New owners aims to widen insurer’s product range
The new chief executive of Quinn Insurance has said he hopes to return the business in the Republic to profitability in 2012 and regain some of the customers lost during its 18-month administration process.
Liberty Insurance chief executive Pat O’Brien, whose company is the new parent entity in Ireland for Quinn Insurance and Quinn Direct, said in an interview with the Irish Times, the company would be lossmaking this year but that it would return to profit next year.
According to the Times, he said: “We would expect to make a profit in 2012.”
O’Brien estimated that premium income would be about €200m this year, down about 40% from when the joint administrators were appointed by the financial regulator in April 2010.
In the Times interview, he said Quinn had lost about 35% of its insurance business in the Republic during the administration process with the commercial business experiencing a 60 to 70% drop.

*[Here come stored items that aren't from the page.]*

(* Each term [Psi alpha (reach f U X k)] of [V] is continuous in [X] for the Hausdorff distance:
   upper semicontinuity comes from the continuity of [alpha] along a single trajectory, lower
   semicontinuity from the continuity of the [k]-step trajectories on the compact set [X], uniform
   in the inputs. If [x0 \in X] lies in the domain of attraction, some inputs steer [x0], and
   hence every point near [x0], into the [r]-neighbourhood of [A]; from there the l_p-stabilizing
   inputs bound the later terms by [ahi * M `^ pbar * lam r k `^ pbar], which is summable because
   [pbar >= p]. So the tails of [V Y] are uniformly small for [Y] near [X], and the series is
   continuous at [X]. The arbitrary norm on R^n is compared with the sup norm of the topology
   through the equivalence of norms. *)

(* Needed for the pointed topological structure on products used by [compact_cover]. *)
HB.saturate prod.

Section NormEquivalence.
Context {R : realType} {n : nat} {nrm : 'rV[R]_n -> R}.
Hypothesis nrmP : is_norm nrm.

Lemma nrm0 : nrm 0 = 0.
Proof. by case: nrmP => _ nrmZ _; rewrite -(scale0r 0) nrmZ normr0 mul0r. Qed.

Lemma nrmN x : nrm (- x) = nrm x.
Proof. by case: nrmP => _ nrmZ _; rewrite -scaleN1r nrmZ normrN normr1 mul1r. Qed.

Lemma nrmB x y : nrm (x - y) = nrm (y - x).
Proof. by rewrite -nrmN opprB. Qed.

Lemma nrm_triangleB x y z : nrm (x - z) <= nrm (x - y) + nrm (y - z).
Proof. by case: nrmP => _ _ nrmD; have := nrmD (x - y) (y - z); rewrite addrA subrK. Qed.

Lemma nrm_ge0 x : 0 <= nrm x.
Proof.
by have := nrm_triangleB x 0 x; rewrite subrr nrm0 sub0r nrmN subr0 => ?; lra.
Qed.

Lemma nrm_sum {I : Type} (s : seq I) (F : I -> 'rV[R]_n) :
  nrm (\sum_(i <- s) F i) <= \sum_(i <- s) nrm (F i).
Proof.
case: nrmP => _ _ nrmD; elim: s => [|a s IH]; first by rewrite !big_nil nrm0.
by rewrite !big_cons (le_trans (nrmD _ _)) // lerD2l.
Qed.

Lemma nrm_le_mx_norm : exists2 C : R, 0 < C & forall x, nrm x <= C * `|x|.
Proof.
case: nrmP => _ nrmZ _.
exists (1 + \sum_(j < n) nrm 'e_j) => [|x].
  by rewrite ltr_pwDl // sumr_ge0 // => j _; exact: nrm_ge0.
rewrite {1}(row_sum_delta x) (le_trans (nrm_sum _ _)) //.
under eq_bigr => j _ do rewrite nrmZ.
rewrite mulrDl mul1r ler_wpDl // mulr_suml ler_sum // => j _.
rewrite mulrC ler_wpM2l ?nrm_ge0 //.
rewrite [leRHS]mx_normrE.
exact: (le_bigmax _ (fun ij : 'I_1 * 'I_n => `|x ij.1 ij.2|) (ord0, j)).
Qed.

Lemma nrm_lipschitz x y : `|nrm x - nrm y| <= nrm (x - y).
Proof.
have := nrm_triangleB x y 0; have := nrm_triangleB y x 0.
rewrite !subr0 (nrmB y x) ler_norml => h1 h2.
by apply/andP; split; lra.
Qed.

Lemma nrm_lipschitz_continuous (g : 'rV[R]_n -> R) :
  (forall x y, `|g x - g y| <= nrm (x - y)) -> continuous g.
Proof.
have [C C0 leC] := nrm_le_mx_norm.
move=> g_lip x P /nbhs_ballP [e e0 eP]; apply/nbhs_ballP; exists (e / C) => [|y].
  by rewrite /= divr_gt0.
rewrite -ball_normE /= => xy; apply: eP; rewrite -ball_normE /=.
by rewrite (le_lt_trans (g_lip _ _)) // (le_lt_trans (leC _)) // mulrC -ltr_pdivlMr.
Qed.

Lemma nrm_continuous : continuous nrm.
Proof. exact: nrm_lipschitz_continuous nrm_lipschitz. Qed.
(* The sign of [boyd_slope t - gauss t] is that of [boyd_sign t]. *)
Definition boyd_sign (t : R) : R := (PI - 4) * (t + rad t) ^ 2 + 2 * PI * (PI - 2).

Lemma PI_gt_3 : 3 < PI.
Proof. pose proof PI2_3_2. lra. Qed.

Lemma rad_pos t : 0 < rad t.
Proof. unfold rad. apply sqrt_lt_R0. pose proof PI_RGT_0. nra. Qed.

Lemma rad_sq t : rad t * rad t = t * t + 2 * PI.
Proof. unfold rad. apply sqrt_sqrt. pose proof PI_RGT_0. nra. Qed.

Lemma boyd_den_pos t : 0 <= t -> 0 < boyd_den t.
Proof. intros. unfold boyd_den. pose proof (rad_pos t). pose proof PI_gt_3. nra. Qed.

Lemma boyd_derive t : 0 <= t -> is_derive boyd t (- boyd_slope t).
Proof.
  intros Ht. pose proof (boyd_den_pos t Ht). pose proof (rad_pos t).
  unfold boyd, boyd_slope. unfold boyd_den, rad, gauss in *. auto_derive.
  - split; [pose proof PI_RGT_0; nra | split; [lra | exact I]].
  - unfold Rdiv. field. lra.
Qed.

Lemma boyd_slope_continuous t : 0 <= t -> continuous boyd_slope t.
Proof.
  intros Ht. pose proof (boyd_den_pos t Ht). pose proof (rad_pos t).
  apply (@ex_derive_continuous R_AbsRing R_NormedModule).
  unfold boyd_slope. unfold boyd_den, rad, gauss in *. auto_derive.
  repeat split; try lra; pose proof PI_RGT_0; nra.
Qed.
(* Let $\mathcal{L}_1,\mathcal{L}_2\in\mathrm{Mat}_d(\mathbb{Z})$ be irreducible and coprime, and let $\Lambda=\mathbb{Z}^d\cap \mathcal{L}_1^{-1}\mathcal{L}_2 \mathbb{Z}^d\cap \mathcal{L}_2^{-1}\mathcal{L}_1 \mathbb{Z}^d$, $\Gamma_1=\Lambda\cap \mathcal{L}_2^{-1}\mathcal{L}_1\Lambda$, $G=\mathbb{Z}^d/\Gamma_1$, and $\phi_1,\phi_2:G\to\mathbb{Z}^d/\mathcal{L}_1\Lambda$ the homomorphisms $\phi_i(x+\Gamma_1)=\mathcal{L}_ix+\mathcal{L}_1\Lambda$. Let $X\subseteq G$ with $0\in X$. Then at least one of the following holds: (1) $X$ does not generate $G$; (2) $|\phi_1(X)+\phi_2(X)|>|X|$; (3) $\Lambda/\Gamma_1\subseteq X$.
   Context: Irreducible: there are no non-trivial subspaces $U,V$ of $\mathbb{Q}^d$ of the same dimension with $\mathcal{L}_1U\subseteq V$ and $\mathcal{L}_2U\subseteq V$. Coprime: there are no $\mathcal{P},\mathcal{Q}\in \mathrm{GL}_d(\mathbb{Q})$ with $0<|\det(\mathcal{P})\det(\mathcal{Q})|<1$ such that $\mathcal{P}\mathcal{L}_1\mathcal{Q},\mathcal{P}\mathcal{L}_2\mathcal{Q}\in\mathrm{Mat}_d(\mathbb{Z})$. The maps $\phi_1,\phi_2$ are well defined and $\phi_1+\phi_2$ is an isomorphism. *)

From HB Require Import structures.
From mathcomp Require Import all_boot all_order all_algebra.
From mathcomp Require Import boolp classical_sets cardinality.
Set Implicit Arguments. Unset Strict Implicit. Unset Printing Implicit Defensive.
Import Order.TTheory GRing.Theory Num.Theory.
Local Open Scope ring_scope.
Local Open Scope classical_set_scope.

Notation Zvec d := 'cV[int]_d.
Lemma fbarnorm_permmx m n (A : 'M[R]_(m, n)) pi tau :
  fbarnorm (permmx A pi tau) = fbarnorm A.
Proof.
rewrite /fbarnorm; congr (Num.sqrt (_ * _)).
rewrite [RHS](reindex_inj (@perm_inj _ pi)); apply: eq_bigr => i _.
by rewrite [RHS](reindex_inj (@perm_inj _ tau)); apply: eq_bigr => j _; rewrite mxE.
Qed.

Lemma fbarnorm_le m n (A : 'M[R]_(m, n)) (eps : R) : 0 <= eps ->
  \sum_i \sum_j A i j ^+ 2 <= eps ^+ 2 * (m * n)%:R -> fbarnorm A <= eps.
Proof.
move=> eps_ge0 A_le; rewrite /fbarnorm -(ger0_norm eps_ge0) -sqrtr_sqr.
rewrite ler_sqrt ?sqr_ge0 //; have [->|mn_gt0] := posnP (m * n).
  by rewrite invr0 mul0r sqr_ge0.
by rewrite ler_pdivrMl ?ltr0n // mulrC.
Qed.

End LabelledMatrices.

(* [1 / quant_levels q eps] is the relative quantisation step, chosen below
   [eps^5 / (64 q^3)] so that the quantised rank-[k] sum stays within [eps / 10]. *)
Definition quant_levels (R : realType) (q eps : R) : nat :=
  (Num.truncn (64 * q ^+ 3 / eps ^+ 5)).+1.

Notation quant_grid q eps := (2 * quant_levels q eps).+1.
Notation quant_labels k q eps := {ffun 'I_k -> 'I_(quant_grid q eps)}.

Section BlockCount.
Variable R : realType.

Lemma quant_levels_gt (q eps : R) : 64 * q ^+ 3 / eps ^+ 5 < (quant_levels q eps)%:R.
Proof. exact: truncnS_gt. Qed.

Lemma quant_grid_sqr_le (q eps : R) : 1 <= q -> 0 < eps < 1 ->
  ((quant_grid q eps ^ 2)%N%:R : R) <= 20000 * q ^+ 6 * eps ^- 10.
Proof.
move=> q_ge1 /andP [eps_gt0 eps_lt1].
set x := q ^+ 3 / eps ^+ 5.
have x_ge1 : 1 <= x.
  rewrite /x ler_pdivlMr ?exprn_gt0 // mul1r.
  by apply: le_trans (exprn_ege1 _ q_ge1); rewrite exprn_ile1 // ltW.
have M_le : (quant_levels q eps)%:R <= 64 * x + 1.
  rewrite /quant_levels -natr1 lerD2r /x mulrA truncn_le.
  by rewrite mulr_ge0 ?invr_ge0 ?exprn_ge0 ?mulr_ge0 // ltW // (lt_le_trans ltr01).
have G_le : (((2 * quant_levels q eps).+1)%:R : R) <= 131 * x.
  by rewrite -natr1 natrM; lra.
have -> : 20000 * q ^+ 6 * eps ^- 10 = 20000 * x ^+ 2.
  by rewrite /x; field; rewrite gt_eqF ?exprn_gt0.
have G_ge0 : 0 <= (((2 * quant_levels q eps).+1)%:R : R) by [].
by rewrite natrX; nra.
Qed.

Lemma card_label_pairs_le (q eps : R) (kX kY : nat) : 1 <= q -> 0 < eps < 1 ->
  2 * kX%:R * eps ^+ 2 <= 5 * q ^+ 2 -> 2 * kY%:R * eps ^+ 2 <= 5 * q ^+ 2 ->
  let Lab := (quant_labels kX q eps * quant_labels kY q eps)%type in
  ((#|{: Lab}| * #|{: Lab}|)%N%:R : R)
  <= powR (20000 * q ^+ 6 * eps ^- 10) (5 * q ^+ 2 * eps ^- 2).
Proof.
move=> q_ge1 eps_01 kX_le kY_le /=; have /andP [eps_gt0 _] := eps_01.
rewrite card_prod !card_ffun !card_ord.
have G2_le := quant_grid_sqr_le q_ge1 eps_01.
set base := 20000 * q ^+ 6 * eps ^- 10 in G2_le *.
have base_ge1 : 1 <= base by apply: le_trans G2_le; rewrite ler1n expn_gt0.
rewrite -expnD -expnMn mulnn natrX.
apply: (@le_trans _ _ (base ^+ (kX + kY))).
  by rewrite lerXn2r ?nnegrE ?ler0n ?(le_trans ler01).
rewrite -powR_mulrn ?(le_trans ler01) //; apply: ler_powR => //.
by rewrite natrD ler_pdivlMr ?exprn_gt0 //; lra.
Qed.

End BlockCount.

Lemma quant_error_le (R : realType) (q eps : R) (k : nat) : 1 <= q -> 0 < eps < 1 ->
  2 * k%:R * eps ^+ 2 <= 5 * q ^+ 2 ->
  k%:R * (2 + (quant_levels q eps)%:R^-1) * (quant_levels q eps)%:R^-1
    * (5 * q / (4 * eps ^+ 2)) <= eps / 10.
Proof.
move=> q_ge1 /andP [eps_gt0 eps_lt1] k_le; set u := (quant_levels q eps)%:R^-1.
have q_gt0 : 0 < q by rewrite (lt_le_trans ltr01).
have q3_gt0 : 0 < q ^+ 3 by rewrite exprn_gt0.
have eps5_gt0 : 0 < eps ^+ 5 by rewrite exprn_gt0.
have u_le : u <= eps ^+ 5 / (64 * q ^+ 3).
  rewrite /u -[leRHS]invf_div lef_pV2 ?posrE ?ltr0n ?divr_gt0 ?mulr_gt0 //.
  exact/ltW/quant_levels_gt.
have u_ge0 : 0 <= u by rewrite invr_ge0.
have eps5_le : eps ^+ 5 <= 1 by rewrite exprn_ile1 // ltW.
have u_le64 : u <= 1 / 64.
  apply: le_trans u_le _; rewrite ler_pdivrMr ?mulr_gt0 // mul1r.
  by have := exprn_ege1 3 q_ge1; lra.
have k_le' : k%:R <= 5 * q ^+ 2 / (2 * eps ^+ 2).
  by rewrite ler_pdivlMr ?mulr_gt0 ?exprn_gt0 // mulrCA mulrA.
have ku_le : k%:R * u <= 5 * q ^+ 2 / (2 * eps ^+ 2) * (eps ^+ 5 / (64 * q ^+ 3)).
  by apply: ler_pM.
have c_ge0 : 0 <= 5 * q / (4 * eps ^+ 2) by rewrite divr_ge0 ?mulr_ge0 ?ltW.
have q_neq0 := lt0r_neq0 q_gt0; have eps_neq0 := lt0r_neq0 eps_gt0.
have kuc_le : k%:R * u * (5 * q / (4 * eps ^+ 2)) <= 25 * eps / 512.
  apply: le_trans (ler_wpM2r c_ge0 ku_le) _.
  by rewrite [leLHS](_ : _ = 25 * eps / 512); last by field; rewrite eps_neq0 q_neq0.
have kuc_ge0 : 0 <= k%:R * u * (5 * q / (4 * eps ^+ 2)).
  by apply/mulr_ge0/c_ge0/mulr_ge0.
have -> : k%:R * (2 + u) * u * (5 * q / (4 * eps ^+ 2))
          = (2 + u) * (k%:R * u * (5 * q / (4 * eps ^+ 2))) by ring.
by nra.
Qed.

Section LowRankApproximation.
Variables (R : realType) (m n : nat) (X : 'M[R]_(m, n)).
Local Notation d := (gram_eig X).
Local Notation w := (frame_coef X).
Local Notation v := (frame X).

Lemma card_large_gram_eig_le (t : R) : 0 <= t ->
  #|[pred l | t <= d l]|%:R * Num.sqrt t <= nucnorm X.
Proof.
move=> t_ge0; set S := [pred l | t <= d l].
rewrite nucnorm_gram_eig (bigID (mem S)) /= -[X in X <= _]addr0 lerD //.
  rewrite mulr_natl -sumr_const; apply: ler_sum => l t_le.
  by rewrite ler_sqrt // gram_eig_ge0.
by apply: sumr_ge0 => l _; apply: sqrtr_ge0.
Qed.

O’Brien said Liberty’s existing small commercial business in Dublin would work closely with the acquired Quinn operations.
He added that Liberty would look to broaden Quinn Insurance’s range of products to kidnap and ransom, environmental, marine and other niche products. And he said the company would broaden its exposure in motor beyond its traditional focus on young drivers.
“We want to broaden out the appeal of the brand, which we feel can be mass market,” he said, adding that the “biggest gap” at Quinn Insurance was on the technical side, citing the absence of an actuarial function in the company.
“That’s something we’re addressing. We’re in the process of recruiting an actuarial team,” he said.
The High Court approved Liberty’s acquisition of Quinn’s Irish business last Friday. The US company will also manage Quinn’s business in the UK.